Table 9 also shows that the unemployed were more likely to report experiencing anger compared with the full-time workers. In contrast, those who were out of the labor force reported less anger than full-time workers. Based on Model (4), which adds the age and employment interactions, being self-employed is negatively associated with anger, compared with full-time status. Most of the interaction terms are either non-significant or marginally significant, meanwhile. On balance, they suggest less stress and anger among older cohorts, which is in keeping with other research showing smaller standard deviations in emotions as people age (Carstensen et al. 2011).

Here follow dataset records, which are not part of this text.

(* Let $(a_j)_{j=0}^\infty$ be a sequence of complex numbers with $|a_j|=1$ for all $j \ge 0$, and for each $n=0,1,2,\ldots$ let $P_n(z)=\sum_{j=0}^n a_j z^j$. Then $(P_n)_{n=0}^\infty$ is not an ultraflat sequence of unimodular polynomials; that is, there is no sequence $(\varepsilon_n)$ of positive real numbers with $\varepsilon_n\to 0$ such that $$(1-\varepsilon_n)\sqrt{n+1} \le |P_n(e^{it})| \le (1+\varepsilon_n)\sqrt{n+1} \quad \text{for all } t\in\mathbb{R} \text{ and all } n\ge 0.$$
   Context: For $n\ge 0$, $\mathcal{K}_n$ denotes the set of polynomials $Q_n(z)=\sum_{k=0}^n a_k z^k$ with $a_k\in\mathbb{C}$, $|a_k|=1$ (complex unimodular polynomials of degree $n$). Given $\varepsilon>0$, a polynomial $P_n\in\mathcal{K}_n$ is $\varepsilon$-flat if $(1-\varepsilon)\sqrt{n+1}\le |P_n(e^{it})|\le (1+\varepsilon)\sqrt{n+1}$ for all real $t$. A sequence $(P_n)$ with $P_n\in\mathcal{K}_n$ is ultraflat if there is a sequence $(\varepsilon_n)$ of positive numbers converging to $0$ such that each $P_n$ is $\varepsilon_n$-flat. *)

From Stdlib Require Import Reals.
From Coquelicot Require Import Coquelicot.
Open Scope R_scope.

Definition expi (t : R) : C := (cos t, sin t).

Definition partial_poly (a : nat -> C) (n : nat) (z : C) : C :=
  sum_n (fun j => Cmult (a j) (Cpow z j)) n.

Definition eps_flat (n : nat) (P : C -> C) (eps : R) : Prop :=
  forall t : R,
    (1 - eps) * sqrt (INR (n + 1)) <= Cmod (P (expi t)) /\
    Cmod (P (expi t)) <= (1 + eps) * sqrt (INR (n + 1)).

Definition ultraflat (P : nat -> C -> C) : Prop :=
  exists eps : nat -> R,
    (forall n, 0 < eps n) /\ is_lim_seq eps 0 /\
    forall n, eps_flat n (P n) (eps n).

(* Write P = P_n and let Q(z) = z^n conj(P(1/conj z)) be its conjugate reciprocal, so that
   |Q| = |P| on the unit circle.  The coefficients of PQ are the aperiodic autocorrelations
   c_k(n) = sum_j a_j conj(a_(j-k)) of (a_0, ..., a_n), and PQ = z^n |P|^2 on the circle, so
   discrete Parseval at the (2n+1)-st roots of unity gives
   (n+1)^2 + sum_(k>=1) |c_k(n)|^2 <= max |P|^4; for an eps-flat P_n the sidelobe energy
   E_n = sum_(k>=1) |c_k(n)|^2 is therefore at most ((1+eps)^4 - 1) (n+1)^2 = o(n^2).
   Now take F(z) = sum_j (2j - n) a_j z^j = 2 z P'(z) - n P(z).  Parseval and the lower
   flatness bound give sum |coef(FQ)|^2 >= (1-eps)^2 (n+1) n (n+1) (n+2) / 3 ~ n^4 / 3.
   But the weights 2j - n are affine in j, so Abel summation writes every coefficient of FQ
   through the autocorrelations c_k(m), m <= n, of the earlier partial sums; Cauchy-Schwarz
   then gives sum |coef(FQ)|^2 <= 4 n^2 E_n + 16 n sum_(m<n) E_m = o(n^4). *)

From Stdlib Require Import Reals Lra Lia.
From Coquelicot Require Import Coquelicot.
Open Scope R_scope.

(** * Finite sums *)

(* Coquelicot's [sum_n] lemmas are stated with the abstract [plus] of [AbelianMonoid] and do
   not rewrite terms built from [Cplus] or [Rplus], hence these concrete sums.  Note that
   [csum n f] has the [n] terms [f 0, ..., f (n-1)], whereas [sum_n f n] has [n + 1]. *)
Fixpoint csum (n : nat) (f : nat -> C) : C :=
  match n with O => RtoC 0 | S k => (csum k f + f k)%C end.

Fixpoint rsum (n : nat) (f : nat -> R) : R :=
  match n with O => 0 | S k => rsum k f + f k end.

Lemma csum_S n f : csum (S n) f = (csum n f + f n)%C.
Proof. reflexivity. Qed.

Lemma rsum_S n f : rsum (S n) f = rsum n f + f n.
Proof. reflexivity. Qed.

Lemma csum_ext n f g : (forall i, (i < n)%nat -> f i = g i) -> csum n f = csum n g.
Proof.
  induction n as [|n IH]; intros H; simpl; auto.
  rewrite IH by (intros; apply H; lia). rewrite H by lia. reflexivity.
Qed.

Lemma rsum_ext n f g : (forall i, (i < n)%nat -> f i = g i) -> rsum n f = rsum n g.
Proof.
  induction n as [|n IH]; intros H; simpl; auto.
  rewrite IH by (intros; apply H; lia). rewrite H by lia. reflexivity.
Qed.

Lemma rsum_le n f g : (forall i, (i < n)%nat -> f i <= g i) -> rsum n f <= rsum n g.
Proof.
  induction n as [|n IH]; intros H; simpl; [lra|].
  apply Rplus_le_compat; [apply IH; intros; apply H|apply H]; lia.
Qed.

Lemma rsum_const n c : rsum n (fun _ => c) = INR n * c.
Proof. induction n as [|n IH]; simpl rsum; [simpl; ring|rewrite IH, S_INR; ring]. Qed.

Lemma rsum_ge0 n f : (forall i, (i < n)%nat -> 0 <= f i) -> 0 <= rsum n f.
Proof.
  intros H. rewrite <- (Rmult_0_r (INR n)), <- rsum_const. now apply rsum_le.
Qed.

Lemma csum_eq0 n f : (forall i, (i < n)%nat -> f i = RtoC 0) -> csum n f = RtoC 0.
Proof.
  induction n as [|n IH]; intros H; simpl; auto.
  rewrite IH by (intros; apply H; lia). rewrite H by lia. apply Cplus_0_r.
Qed.

Lemma csum_add n f g : csum n (fun i => f i + g i)%C = (csum n f + csum n g)%C.
Proof. induction n as [|n IH]; simpl; [now rewrite Cplus_0_r|rewrite IH; ring]. Qed.

Lemma rsum_add n f g : rsum n (fun i => f i + g i) = rsum n f + rsum n g.
Proof. induction n as [|n IH]; simpl; [ring|rewrite IH; ring]. Qed.

Lemma csum_mul_l n c f : csum n (fun i => c * f i)%C = (c * csum n f)%C.
Proof. induction n as [|n IH]; simpl; [now rewrite Cmult_0_r|rewrite IH; ring]. Qed.

Lemma rsum_mul_l n c f : rsum n (fun i => c * f i) = c * rsum n f.
Proof. induction n as [|n IH]; simpl; [ring|rewrite IH; ring]. Qed.

Lemma csum_split m n f : csum (m + n) f = (csum m f + csum n (fun i => f (m + i)%nat))%C.
Proof.
  induction n as [|n IH]; simpl; [now rewrite Nat.add_0_r, Cplus_0_r|].
  rewrite Nat.add_succ_r; simpl. rewrite IH; ring.
Qed.

Lemma rsum_split m n f : rsum (m + n) f = rsum m f + rsum n (fun i => f (m + i)%nat).
Proof.
  induction n as [|n IH]; simpl; [now rewrite Nat.add_0_r, Rplus_0_r|].
  rewrite Nat.add_succ_r; simpl. rewrite IH; ring.
Qed.

Lemma csum_tail m n f : (m <= n)%nat -> (forall i, (m <= i)%nat -> f i = RtoC 0) ->
  csum n f = csum m f.
Proof.
  intros Hmn Hf. replace n with (m + (n - m))%nat by lia.
  rewrite csum_split, (csum_eq0 (n - m)); [apply Cplus_0_r|]. intros; apply Hf; lia.
Qed.

Lemma rsum_tail m n f : (m <= n)%nat -> (forall i, (m <= i)%nat -> f i = 0) ->
  rsum n f = rsum m f.
Proof.
  intros Hmn Hf. replace n with (m + (n - m))%nat by lia.
  rewrite rsum_split, (rsum_ext (n - m) _ (fun _ => 0)), rsum_const; [ring|].
  intros; apply Hf; lia.
Qed.

Lemma csum_reflect n f : csum n f = csum n (fun i => f (n - S i)%nat).
Proof.
  revert f; induction n as [|n IH]; intros f; auto.
  change (S n) with (1 + n)%nat at 1. rewrite csum_split, IH; simpl.
  rewrite Nat.sub_diag, Cplus_0_l, Cplus_comm. f_equal.
  apply csum_ext; intros i Hi. f_equal; lia.
Qed.

Lemma rsum_reflect n f : rsum n f = rsum n (fun i => f (n - S i)%nat).
Proof.
  revert f; induction n as [|n IH]; intros f; auto.
  change (S n) with (1 + n)%nat at 1. rewrite rsum_split, IH; simpl.
  rewrite Nat.sub_diag, Rplus_0_l, Rplus_comm. f_equal.
  apply rsum_ext; intros i Hi. f_equal; lia.
Qed.

Lemma csum_swap m n (f : nat -> nat -> C) :
  csum m (fun i => csum n (f i)) = csum n (fun j => csum m (fun i => f i j)).
Proof.
  induction m as [|m IH]; simpl.
  - symmetry; now apply csum_eq0.
  - now rewrite IH, <- csum_add.
Qed.

Lemma rsum_swap m n (f : nat -> nat -> R) :
  rsum m (fun i => rsum n (f i)) = rsum n (fun j => rsum m (fun i => f i j)).
Proof.
  induction m as [|m IH]; simpl.
  - rewrite rsum_const; ring.
  - now rewrite IH, <- rsum_add.
Qed.

Lemma csum_mul m n f g :
  (csum m f * csum n g)%C = csum m (fun i => csum n (fun j => f i * g j))%C.
Proof.
  rewrite Cmult_comm, <- csum_mul_l. apply csum_ext; intros i _.
  rewrite Cmult_comm, <- csum_mul_l. apply csum_ext; intros; ring.
Qed.

Lemma Cconj_R (r : R) : Cconj (RtoC r) = RtoC r.
Proof. apply injective_projections; simpl; ring. Qed.

Lemma csum_conj n f : Cconj (csum n f) = csum n (fun i => Cconj (f i)).
Proof.
  induction n as [|n IH]; simpl; [apply Cconj_R|].
  now rewrite Cplus_conj, IH.
Qed.

Lemma Re_csum n f : Re (csum n f) = rsum n (fun i => Re (f i)).
Proof. induction n as [|n IH]; simpl; auto. now rewrite <- IH. Qed.

Lemma csum_kronecker n k (g : nat -> C) : (k < n)%nat ->
  csum n (fun i => if Nat.eqb k i then g i else RtoC 0) = g k.
Proof.
  induction n as [|n IH]; intros Hk; [lia|simpl].
  destruct (Nat.eqb_spec k n) as [<-|Hkn].
  - rewrite csum_eq0; [apply Cplus_0_l|].
    intros i Hi. destruct (Nat.eqb_spec k i); [lia|reflexivity].
  - rewrite IH by lia. apply Cplus_0_r.
Qed.

Lemma csum_triangle n (h : nat -> nat -> C) :
  csum n (fun l => csum (S l) (fun i => h i l)) =
  csum n (fun i => csum (n - i) (fun j => h i (i + j)%nat)).
Proof.
  induction n as [|n IH]; [reflexivity|].
  transitivity (csum (S n) (fun i => csum (n - i) (fun j => h i (i + j)%nat) + h i n))%C.
  - rewrite csum_add, csum_S, IH, (csum_S n (fun i => csum (n - i) _)), Nat.sub_diag.
    simpl. ring.
  - apply csum_ext; intros i Hi.
    replace (S n - i)%nat with (S (n - i)) by lia.
    rewrite csum_S. do 3 f_equal. lia.
Qed.

Lemma Cmod_csum_le n f : Cmod (csum n f) <= rsum n (fun i => Cmod (f i)).
Proof.
  induction n as [|n IH]; simpl; [rewrite Cmod_0; lra|].
  eapply Rle_trans; [apply Cmod_triangle|lra].
Qed.

Lemma rsum_sqr_le n f : (rsum n f) ^ 2 <= INR n * rsum n (fun i => f i ^ 2).
Proof.
  set (A := rsum n f).
  assert (Hvar : 0 <= rsum n (fun i => (INR n * f i - A) ^ 2))
    by (apply rsum_ge0; intros; apply pow2_ge_0).
  rewrite (rsum_ext n _ (fun i => INR n ^ 2 * f i ^ 2 + (- 2 * INR n * A * f i + A ^ 2)))
    in Hvar by (intros; ring).
  rewrite rsum_add, rsum_add, !rsum_mul_l, rsum_const in Hvar. fold A in Hvar.
  destruct (Nat.eq_dec n 0) as [->|Hn]; [simpl in *; unfold A; simpl; lra|].
  assert (0 < INR n) by (apply lt_0_INR; lia).
  apply Rmult_le_reg_l with (INR n); nra.
Qed.

Lemma Cmod_add_sqr_le x y : Cmod (x + y) ^ 2 <= 2 * Cmod x ^ 2 + 2 * Cmod y ^ 2.
Proof.
  assert (Hxy : Cmod (x + y) ^ 2 <= (Cmod x + Cmod y) ^ 2)
    by (apply pow_incr; split; [apply Cmod_ge_0|apply Cmod_triangle]).
  assert (0 <= (Cmod x - Cmod y) ^ 2) by apply pow2_ge_0. nra.
Qed.

Lemma Cmod_csum_sqr_le n Y :
  Cmod (csum n Y) ^ 2 <= INR n * rsum n (fun m => Cmod (Y m) ^ 2).
Proof.
  eapply Rle_trans; [|apply rsum_sqr_le].
  apply pow_incr. split; [apply Cmod_ge_0|apply Cmod_csum_le].
Qed.

Lemma Cmod_sqr_RtoC_mul (g : R) z : Cmod (RtoC g * z) ^ 2 = g ^ 2 * Cmod z ^ 2.
Proof. now rewrite Cmod_mult, Cmod_R, Rpow_mult_distr, pow2_abs. Qed.

Lemma csum_RtoC n f : csum n (fun i => RtoC (f i)) = RtoC (rsum n f).
Proof. induction n as [|n IH]; simpl; [reflexivity|]. now rewrite IH, RtoC_plus. Qed.

Lemma rsum_split_mid n d :
  rsum (S (n + n)) d = rsum n d + d n + rsum n (fun k => d (n + S k)%nat).
Proof.
  replace (S (n + n)) with (S n + n)%nat by lia.
  rewrite rsum_split, rsum_S. f_equal. apply rsum_ext; intros k _. f_equal; lia.
Qed.

Lemma rsum_INR n : rsum n INR = INR n * (INR n - 1) / 2.
Proof. induction n as [|n IH]; [simpl; field|]. rewrite rsum_S, IH, S_INR. field. Qed.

6. Propensity score matching results
We explored the well-being effect of retiring compared to late-life work by calculating the Average Treatment Effect on the Treated (ATT) using PSM. The treatment variable in all models is “Retired.” The goal of the matching procedure is to find a group of non-retirees who are similar to retirees along observable characteristics except that they are still working for pay (either part-time or full-time). We used one-to-one nearest neighbor matching with a caliper (maximum allowable distance between the propensity scores) of 0.001, which is relatively conservative21. Table 10 presents the PSM results using four control groups: the voluntarily employed part-time workers, the full-time employees, the self-employed, and the involuntarily employed part-time. All results are for 2009–2010 due to the availability of the retirement variable.

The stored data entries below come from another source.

(* Let $t_0\in(0,1)$, $\alpha_b\in\mathbb{R}$, $u\in\mathbb{R}$, and put $\alpha_a=(1-u)(-2t_0^2+\alpha_b)+u(2t_0^2+\alpha_b)$, $T=3+t_0^2$, and $F=F(\theta)=1+e^{i\theta_1}+e^{i\theta_2}$ for $\theta\in B=[-\pi,\pi]^2$. Consider the matrix $$M_2^{AA}(\eta,\theta)=\begin{pmatrix}-T\eta-\alpha_a&\bar F&t_0^2&0\\ F&-T\eta-\alpha_b&0&t_0^2\\ t_0^2&0&-T\eta-\alpha_a&\bar F\\ 0&t_0^2&F&-T\eta-\alpha_b\end{pmatrix},$$ and suppose $t_0,\alpha_b$ are such that every root $\eta$ of $\det M_2^{AA}(\eta,\theta)=0$ satisfies $|\eta|\le1$ for all $\theta\in B$. Then the dispersion relation of $H_2^{AA}$ is given by the four branches $$r^{\pm}_{\pm}(\theta)=\frac{\pm\sqrt{|F|^2+t_0^4(1-2u)^2}\pm t_0^2+t_0^2(1-2u)-\alpha_b}{T}$$ (signs chosen independently), and: (a) if $\alpha_a=\alpha_b$, the dispersion relation has Dirac cones; (b) if $\alpha_a=-2t_0^2+\alpha_b$ or $\alpha_a=2t_0^2+\alpha_b$, the dispersion relation has parabolic touches; (c) if $\alpha_a\notin[-2t_0^2+\alpha_b,\,2t_0^2+\alpha_b]$, the dispersion relation has gaps (no two branches touch); (d) if $0<u<1$ and $\alpha_a\ne\alpha_b$, the branches intersect but there are no parabolic or conical touches.
   Context: $H_2^{AA}$ is the Schrödinger operator $-u''+q_0u$ (with $q_0$ continuous on $[0,1]$ and even, $q_0(x)=q_0(1-x)$) on a periodic quantum graph consisting of two identical hexagonal layers (all edges of length 1) stacked in $AA$ fashion: each type-$A$ vertex of one layer is joined by a vertical edge to the type-$A$ vertex above it, and likewise for type-$B$ vertices. At each vertex $v$ one imposes the modified Neumann (Robin) condition: $u_{a_1}(v)=u_{a_2}(v)=u_{f}(v)/t_0$ for in-layer edges $a_i$ and vertical edges $f$ at $v$, and $\sum_{a}u_a'(v)\pm\sum_f t_0u_f'(v)=\delta_vu(v)$, with $\delta_v=\delta_a$ at type-$A$ and $\delta_v=\delta_b$ at type-$B$ vertices ($t_0\in(0,1]$ models the weak interlayer interaction). Via Floquet theory with quasimomentum $\theta\in B$, for $\lambda$ outside the Dirichlet spectrum of $-d^2/dx^2+q_0$ on $[0,1]$, let $\varphi_0,\varphi_1$ solve $-\varphi''+q_0\varphi=\lambda\varphi$ with $\varphi_0(0)=1,\varphi_0(1)=0,\varphi_1(0)=0,\varphi_1(1)=1$, and set $\eta=\eta(\lambda)=\varphi_1'(1)/\varphi_1'(0)$ (half the Hill discriminant) and $\alpha_k=\delta_k/\varphi_1'(0)$, $k\in\{a,b\}$, treated as real constants. Then $\lambda\in\sigma(H_2^{AA})$ iff $\det M_2^{AA}(\eta(\lambda),\theta)=0$ for some $\theta\in B$; the dispersion relation is identified with the root branches $\eta=r(\theta)$. A Dirac cone is a point $\theta_D$ where two branches meet and there is $\gamma\ne0$ with $r(\theta)-r(\theta_D)=\pm\gamma|\theta-\theta_D|+O(|\theta-\theta_D|^2)$ on the two branches; a parabolic touch is a point where two branches meet with vanishing first derivative and quadratic behavior around it; ''gaps'' means the branches are separated (do not touch).
   Formalization: In a Dirac cone, |θ−θ_D| in ±γ|θ−θ_D| is the square root of some positive definite quadratic form in θ−θ_D rather than the Euclidean norm; a parabolic touch requires the two branches to separate at least quadratically. Each condition added here is assumed in the paper as well or is needed for the statement above to hold. *)

From mathcomp Require Import all_boot all_order all_algebra.
From mathcomp Require Import complex.
From mathcomp Require Import reals trigo.
Import Order.TTheory GRing.Theory Num.Theory.

Set Implicit Arguments.
Unset Strict Implicit.
Unset Printing Implicit Defensive.

Local Open Scope ring_scope.
Local Open Scope complex_scope.

Section Defs.
Variable R : realType.

Definition inB (th : R * R) : Prop :=
  (- pi <= th.1 <= pi) /\ (- pi <= th.2 <= pi).

(* F(theta) = 1 + e^{i theta1} + e^{i theta2} *)
Definition Fth (th : R * R) : R[i] :=
  (1 + cos th.1 + cos th.2) +i* (sin th.1 + sin th.2).

Definition absF2 (th : R * R) : R :=
  (1 + cos th.1 + cos th.2) ^+ 2 + (sin th.1 + sin th.2) ^+ 2.

Definition Tc (t0 : R) : R := 3 + t0 ^+ 2.

Definition alpha_a (t0 ab u : R) : R :=
  (1 - u) * (- 2 * t0 ^+ 2 + ab) + u * (2 * t0 ^+ 2 + ab).

Definition M2AA (t0 aa ab eta : R) (th : R * R) : 'M[R[i]]_4 :=
  let dA := (- Tc t0 * eta - aa)%:C in
  let dB := (- Tc t0 * eta - ab)%:C in
  let t2 := (t0 ^+ 2)%:C in
  let F := Fth th in
  let Fb := F^* in
  \matrix_(i < 4, j < 4)
    match nat_of_ord i, nat_of_ord j with
    | 0, 0 => dA | 0, 1 => Fb | 0, 2 => t2
    | 1, 0 => F  | 1, 1 => dB | 1, 3 => t2
    | 2, 0 => t2 | 2, 2 => dA | 2, 3 => Fb
    | 3, 1 => t2 | 3, 2 => F  | 3, 3 => dB
    | _, _ => 0
    end.

Definition sgnb (b : bool) : R := if b then 1 else -1.

Definition branch (t0 ab u : R) (s : bool * bool) (th : R * R) : R :=
  (sgnb s.1 * Num.sqrt (absF2 th + t0 ^+ 4 * (1 - 2 * u) ^+ 2)
   + sgnb s.2 * t0 ^+ 2 + t0 ^+ 2 * (1 - 2 * u) - ab) / Tc t0.

Definition edist (th th' : R * R) : R :=
  Num.sqrt ((th.1 - th'.1) ^+ 2 + (th.2 - th'.2) ^+ 2).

While PSM is useful in teasing out the causal relationship between retirement and SWB, the results should be treated with caution, as the matching is as good as the available matching covariates. Similarly, the t-statistics reported in Table 10 are computed using assumptions such as normal distributions of the variables, among others, and are very sensitive to sample size.
The top panel in Table 10 shows unequivocal differences between the retired and their non-retired voluntary part-time counterparts (who are of similar age, gender, education, religiosity, marital status and live in the same country). While the latter had on average higher evaluative well-being than the retired, the difference is statistically insignificant (t-stat = 1.160). There is a statistically significant difference in favor of voluntary part-time workers for both happiness yesterday and smiling. There are no significant differences between the groups with respect to experiencing stress and anger the day before. Late-life workers are also more satisfied with their personal health and their freedom in life but the latter difference is statistically insignificant.
The second panel in Table 10 uses a different control group for the retirees –identical full-time workers. Based on these results, non-retired full-timers have significantly higher evaluative well-being (BPL) and positive hedonic well-being (smiling and happiness) than their retired counterparts. While most of the other differences are not statistically significant, the full-timers had higher health satisfaction. There are no statistically significant differences between the retirees and their non-retired self-employed counterparts (Table 10 – third panel), meanwhile. This finding could be due to the fact that both the retired and the self-employed older workers face similar freedoms and constraints related to free time and activities. In addition, older workers for whom part-time work is not available may be choosing self-employment in preparation for retirement and may therefore have similar well-being outcomes as their retired counterparts. Finally, the bottom panel shows that the involuntarily employed part-time non-retirees are more satisfied with their health than retirees. These results furnish empirical evidence that late-life work has positive well-being effects, especially in terms voluntary work or full-time work for an employer.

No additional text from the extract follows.